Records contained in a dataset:
BEGIN

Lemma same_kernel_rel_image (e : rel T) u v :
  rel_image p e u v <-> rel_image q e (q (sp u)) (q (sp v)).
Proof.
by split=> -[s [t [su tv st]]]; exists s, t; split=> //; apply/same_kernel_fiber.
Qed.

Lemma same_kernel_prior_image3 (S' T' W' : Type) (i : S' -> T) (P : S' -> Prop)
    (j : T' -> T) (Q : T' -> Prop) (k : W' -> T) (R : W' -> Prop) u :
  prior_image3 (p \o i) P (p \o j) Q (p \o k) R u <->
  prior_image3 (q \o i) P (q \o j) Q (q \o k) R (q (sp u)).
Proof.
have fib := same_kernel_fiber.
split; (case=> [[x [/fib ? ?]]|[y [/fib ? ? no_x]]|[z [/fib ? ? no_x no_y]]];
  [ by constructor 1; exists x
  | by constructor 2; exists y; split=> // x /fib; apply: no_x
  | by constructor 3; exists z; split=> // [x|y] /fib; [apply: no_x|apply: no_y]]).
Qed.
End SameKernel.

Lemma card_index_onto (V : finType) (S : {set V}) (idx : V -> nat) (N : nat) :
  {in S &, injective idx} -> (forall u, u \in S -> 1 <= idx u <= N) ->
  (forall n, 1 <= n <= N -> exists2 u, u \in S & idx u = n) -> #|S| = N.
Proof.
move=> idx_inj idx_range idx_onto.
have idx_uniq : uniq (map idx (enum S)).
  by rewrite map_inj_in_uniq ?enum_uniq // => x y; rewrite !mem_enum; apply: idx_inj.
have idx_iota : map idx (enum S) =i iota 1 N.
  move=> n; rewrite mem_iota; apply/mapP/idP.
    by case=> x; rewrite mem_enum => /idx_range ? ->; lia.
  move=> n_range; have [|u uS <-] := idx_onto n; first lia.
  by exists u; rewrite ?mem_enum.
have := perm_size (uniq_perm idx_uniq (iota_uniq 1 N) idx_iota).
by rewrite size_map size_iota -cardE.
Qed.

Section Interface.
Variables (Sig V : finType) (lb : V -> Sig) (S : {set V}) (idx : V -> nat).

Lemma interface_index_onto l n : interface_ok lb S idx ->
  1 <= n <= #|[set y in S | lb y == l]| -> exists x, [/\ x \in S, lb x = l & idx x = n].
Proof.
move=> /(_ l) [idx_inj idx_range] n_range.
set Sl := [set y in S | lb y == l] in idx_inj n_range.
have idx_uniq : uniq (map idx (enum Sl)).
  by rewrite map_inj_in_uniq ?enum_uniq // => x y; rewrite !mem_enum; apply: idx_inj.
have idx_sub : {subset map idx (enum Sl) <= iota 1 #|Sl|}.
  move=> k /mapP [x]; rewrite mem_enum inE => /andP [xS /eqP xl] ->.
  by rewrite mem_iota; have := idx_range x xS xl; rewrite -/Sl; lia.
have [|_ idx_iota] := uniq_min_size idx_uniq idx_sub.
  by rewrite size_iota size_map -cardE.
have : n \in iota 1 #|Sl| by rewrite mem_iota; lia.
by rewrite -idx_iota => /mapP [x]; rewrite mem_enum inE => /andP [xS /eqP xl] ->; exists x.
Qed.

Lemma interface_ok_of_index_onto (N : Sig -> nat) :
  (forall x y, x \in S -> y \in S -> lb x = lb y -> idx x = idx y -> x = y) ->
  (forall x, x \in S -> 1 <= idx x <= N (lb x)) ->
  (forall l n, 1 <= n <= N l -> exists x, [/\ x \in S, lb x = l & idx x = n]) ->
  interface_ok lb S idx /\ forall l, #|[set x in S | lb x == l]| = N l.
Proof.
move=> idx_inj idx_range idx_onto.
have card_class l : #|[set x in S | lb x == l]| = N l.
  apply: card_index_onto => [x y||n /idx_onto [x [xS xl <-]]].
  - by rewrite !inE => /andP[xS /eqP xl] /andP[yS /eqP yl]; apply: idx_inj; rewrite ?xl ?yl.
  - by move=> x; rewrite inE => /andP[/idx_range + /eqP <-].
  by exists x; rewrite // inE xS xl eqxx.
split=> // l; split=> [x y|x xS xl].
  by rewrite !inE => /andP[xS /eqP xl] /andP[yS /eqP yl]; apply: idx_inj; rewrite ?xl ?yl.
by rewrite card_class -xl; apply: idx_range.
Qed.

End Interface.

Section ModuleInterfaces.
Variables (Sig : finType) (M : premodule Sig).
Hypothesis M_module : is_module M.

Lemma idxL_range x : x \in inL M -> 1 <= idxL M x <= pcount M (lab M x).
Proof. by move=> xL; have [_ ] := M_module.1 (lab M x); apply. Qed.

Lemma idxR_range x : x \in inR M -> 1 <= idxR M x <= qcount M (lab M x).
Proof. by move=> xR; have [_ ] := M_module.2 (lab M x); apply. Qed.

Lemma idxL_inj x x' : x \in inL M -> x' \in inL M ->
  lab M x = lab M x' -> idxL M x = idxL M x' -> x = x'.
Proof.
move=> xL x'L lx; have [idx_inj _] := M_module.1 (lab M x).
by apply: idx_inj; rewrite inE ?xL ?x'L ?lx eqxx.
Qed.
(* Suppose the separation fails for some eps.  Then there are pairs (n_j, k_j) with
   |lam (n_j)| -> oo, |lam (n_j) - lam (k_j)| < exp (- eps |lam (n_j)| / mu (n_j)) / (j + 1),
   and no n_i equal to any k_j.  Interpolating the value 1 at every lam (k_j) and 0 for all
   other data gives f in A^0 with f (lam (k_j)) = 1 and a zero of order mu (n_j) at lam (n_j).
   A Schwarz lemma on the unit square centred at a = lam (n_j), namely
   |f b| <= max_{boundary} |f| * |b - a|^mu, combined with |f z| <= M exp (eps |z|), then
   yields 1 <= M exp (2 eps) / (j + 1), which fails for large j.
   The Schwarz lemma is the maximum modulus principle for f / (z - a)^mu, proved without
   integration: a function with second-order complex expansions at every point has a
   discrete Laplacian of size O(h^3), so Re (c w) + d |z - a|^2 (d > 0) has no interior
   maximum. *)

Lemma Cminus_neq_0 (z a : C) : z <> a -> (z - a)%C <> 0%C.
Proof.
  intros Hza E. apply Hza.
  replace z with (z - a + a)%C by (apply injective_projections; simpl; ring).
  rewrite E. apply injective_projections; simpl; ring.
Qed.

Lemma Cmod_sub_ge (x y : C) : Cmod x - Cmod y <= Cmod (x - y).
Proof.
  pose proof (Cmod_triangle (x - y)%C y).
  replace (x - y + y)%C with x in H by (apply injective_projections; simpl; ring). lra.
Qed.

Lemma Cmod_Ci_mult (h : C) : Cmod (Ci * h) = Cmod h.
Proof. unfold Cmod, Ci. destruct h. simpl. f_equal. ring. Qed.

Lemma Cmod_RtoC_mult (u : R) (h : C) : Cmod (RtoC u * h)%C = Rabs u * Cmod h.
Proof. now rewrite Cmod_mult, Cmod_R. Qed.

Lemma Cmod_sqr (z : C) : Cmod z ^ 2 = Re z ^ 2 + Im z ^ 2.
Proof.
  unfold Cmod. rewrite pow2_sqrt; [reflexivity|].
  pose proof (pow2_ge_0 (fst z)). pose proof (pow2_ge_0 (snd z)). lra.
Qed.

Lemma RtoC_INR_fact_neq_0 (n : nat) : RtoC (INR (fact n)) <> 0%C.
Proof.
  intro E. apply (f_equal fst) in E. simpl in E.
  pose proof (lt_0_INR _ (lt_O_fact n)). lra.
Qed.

END

Could you copy every record above exactly as it stands?

Solved problem:
Lemma same_kernel_rel_image (e : rel T) u v :
  rel_image p e u v <-> rel_image q e (q (sp u)) (q (sp v)).
Proof.
by split=> -[s [t [su tv st]]]; exists s, t; split=> //; apply/same_kernel_fiber.
Qed.

Lemma same_kernel_prior_image3 (S' T' W' : Type) (i : S' -> T) (P : S' -> Prop)
    (j : T' -> T) (Q : T' -> Prop) (k : W' -> T) (R : W' -> Prop) u :
  prior_image3 (p \o i) P (p \o j) Q (p \o k) R u <->
  prior_image3 (q \o i) P (q \o j) Q (q \o k) R (q (sp u)).
Proof.
have fib := same_kernel_fiber.
split; (case=> [[x [/fib ? ?]]|[y [/fib ? ? no_x]]|[z [/fib ? ? no_x no_y]]];
  [ by constructor 1; exists x
  | by constructor 2; exists y; split=> // x /fib; apply: no_x
  | by constructor 3; exists z; split=> // [x|y] /fib; [apply: no_x|apply: no_y]]).
Qed.
End SameKernel.

Lemma card_index_onto (V : finType) (S : {set V}) (idx : V -> nat) (N : nat) :
  {in S &, injective idx} -> (forall u, u \in S -> 1 <= idx u <= N) ->
  (forall n, 1 <= n <= N -> exists2 u, u \in S & idx u = n) -> #|S| = N.
Proof.
move=> idx_inj idx_range idx_onto.
have idx_uniq : uniq (map idx (enum S)).
  by rewrite map_inj_in_uniq ?enum_uniq // => x y; rewrite !mem_enum; apply: idx_inj.
have idx_iota : map idx (enum S) =i iota 1 N.
  move=> n; rewrite mem_iota; apply/mapP/idP.
    by case=> x; rewrite mem_enum => /idx_range ? ->; lia.
  move=> n_range; have [|u uS <-] := idx_onto n; first lia.
  by exists u; rewrite ?mem_enum.
have := perm_size (uniq_perm idx_uniq (iota_uniq 1 N) idx_iota).
by rewrite size_map size_iota -cardE.
Qed.

Section Interface.
Variables (Sig V : finType) (lb : V -> Sig) (S : {set V}) (idx : V -> nat).

Lemma interface_index_onto l n : interface_ok lb S idx ->
  1 <= n <= #|[set y in S | lb y == l]| -> exists x, [/\ x \in S, lb x = l & idx x = n].
Proof.
move=> /(_ l) [idx_inj idx_range] n_range.
set Sl := [set y in S | lb y == l] in idx_inj n_range.
have idx_uniq : uniq (map idx (enum Sl)).
  by rewrite map_inj_in_uniq ?enum_uniq // => x y; rewrite !mem_enum; apply: idx_inj.
have idx_sub : {subset map idx (enum Sl) <= iota 1 #|Sl|}.
  move=> k /mapP [x]; rewrite mem_enum inE => /andP [xS /eqP xl] ->.
  by rewrite mem_iota; have := idx_range x xS xl; rewrite -/Sl; lia.
have [|_ idx_iota] := uniq_min_size idx_uniq idx_sub.
  by rewrite size_iota size_map -cardE.
have : n \in iota 1 #|Sl| by rewrite mem_iota; lia.
by rewrite -idx_iota => /mapP [x]; rewrite mem_enum inE => /andP [xS /eqP xl] ->; exists x.
Qed.

Lemma interface_ok_of_index_onto (N : Sig -> nat) :
  (forall x y, x \in S -> y \in S -> lb x = lb y -> idx x = idx y -> x = y) ->
  (forall x, x \in S -> 1 <= idx x <= N (lb x)) ->
  (forall l n, 1 <= n <= N l -> exists x, [/\ x \in S, lb x = l & idx x = n]) ->
  interface_ok lb S idx /\ forall l, #|[set x in S | lb x == l]| = N l.
Proof.
move=> idx_inj idx_range idx_onto.
have card_class l : #|[set x in S | lb x == l]| = N l.
  apply: card_index_onto => [x y||n /idx_onto [x [xS xl <-]]].
  - by rewrite !inE => /andP[xS /eqP xl] /andP[yS /eqP yl]; apply: idx_inj; rewrite ?xl ?yl.
  - by move=> x; rewrite inE => /andP[/idx_range + /eqP <-].
  by exists x; rewrite // inE xS xl eqxx.
split=> // l; split=> [x y|x xS xl].
  by rewrite !inE => /andP[xS /eqP xl] /andP[yS /eqP yl]; apply: idx_inj; rewrite ?xl ?yl.
by rewrite card_class -xl; apply: idx_range.
Qed.

End Interface.

Section ModuleInterfaces.
Variables (Sig : finType) (M : premodule Sig).
Hypothesis M_module : is_module M.

Lemma idxL_range x : x \in inL M -> 1 <= idxL M x <= pcount M (lab M x).
Proof. by move=> xL; have [_ ] := M_module.1 (lab M x); apply. Qed.

Lemma idxR_range x : x \in inR M -> 1 <= idxR M x <= qcount M (lab M x).
Proof. by move=> xR; have [_ ] := M_module.2 (lab M x); apply. Qed.

Lemma idxL_inj x x' : x \in inL M -> x' \in inL M ->
  lab M x = lab M x' -> idxL M x = idxL M x' -> x = x'.
Proof.
move=> xL x'L lx; have [idx_inj _] := M_module.1 (lab M x).
by apply: idx_inj; rewrite inE ?xL ?x'L ?lx eqxx.
Qed.
(* Suppose the separation fails for some eps.  Then there are pairs (n_j, k_j) with
   |lam (n_j)| -> oo, |lam (n_j) - lam (k_j)| < exp (- eps |lam (n_j)| / mu (n_j)) / (j + 1),
   and no n_i equal to any k_j.  Interpolating the value 1 at every lam (k_j) and 0 for all
   other data gives f in A^0 with f (lam (k_j)) = 1 and a zero of order mu (n_j) at lam (n_j).
   A Schwarz lemma on the unit square centred at a = lam (n_j), namely
   |f b| <= max_{boundary} |f| * |b - a|^mu, combined with |f z| <= M exp (eps |z|), then
   yields 1 <= M exp (2 eps) / (j + 1), which fails for large j.
   The Schwarz lemma is the maximum modulus principle for f / (z - a)^mu, proved without
   integration: a function with second-order complex expansions at every point has a
   discrete Laplacian of size O(h^3), so Re (c w) + d |z - a|^2 (d > 0) has no interior
   maximum. *)

Lemma Cminus_neq_0 (z a : C) : z <> a -> (z - a)%C <> 0%C.
Proof.
  intros Hza E. apply Hza.
  replace z with (z - a + a)%C by (apply injective_projections; simpl; ring).
  rewrite E. apply injective_projections; simpl; ring.
Qed.

Lemma Cmod_sub_ge (x y : C) : Cmod x - Cmod y <= Cmod (x - y).
Proof.
  pose proof (Cmod_triangle (x - y)%C y).
  replace (x - y + y)%C with x in H by (apply injective_projections; simpl; ring). lra.
Qed.

Lemma Cmod_Ci_mult (h : C) : Cmod (Ci * h) = Cmod h.
Proof. unfold Cmod, Ci. destruct h. simpl. f_equal. ring. Qed.

Lemma Cmod_RtoC_mult (u : R) (h : C) : Cmod (RtoC u * h)%C = Rabs u * Cmod h.
Proof. now rewrite Cmod_mult, Cmod_R. Qed.

Lemma Cmod_sqr (z : C) : Cmod z ^ 2 = Re z ^ 2 + Im z ^ 2.
Proof.
  unfold Cmod. rewrite pow2_sqrt; [reflexivity|].
  pose proof (pow2_ge_0 (fst z)). pose proof (pow2_ge_0 (snd z)). lra.
Qed.

Lemma RtoC_INR_fact_neq_0 (n : nat) : RtoC (INR (fact n)) <> 0%C.
Proof.
  intro E. apply (f_equal fst) in E. simpl in E.
  pose proof (lt_0_INR _ (lt_O_fact n)). lra.
Qed.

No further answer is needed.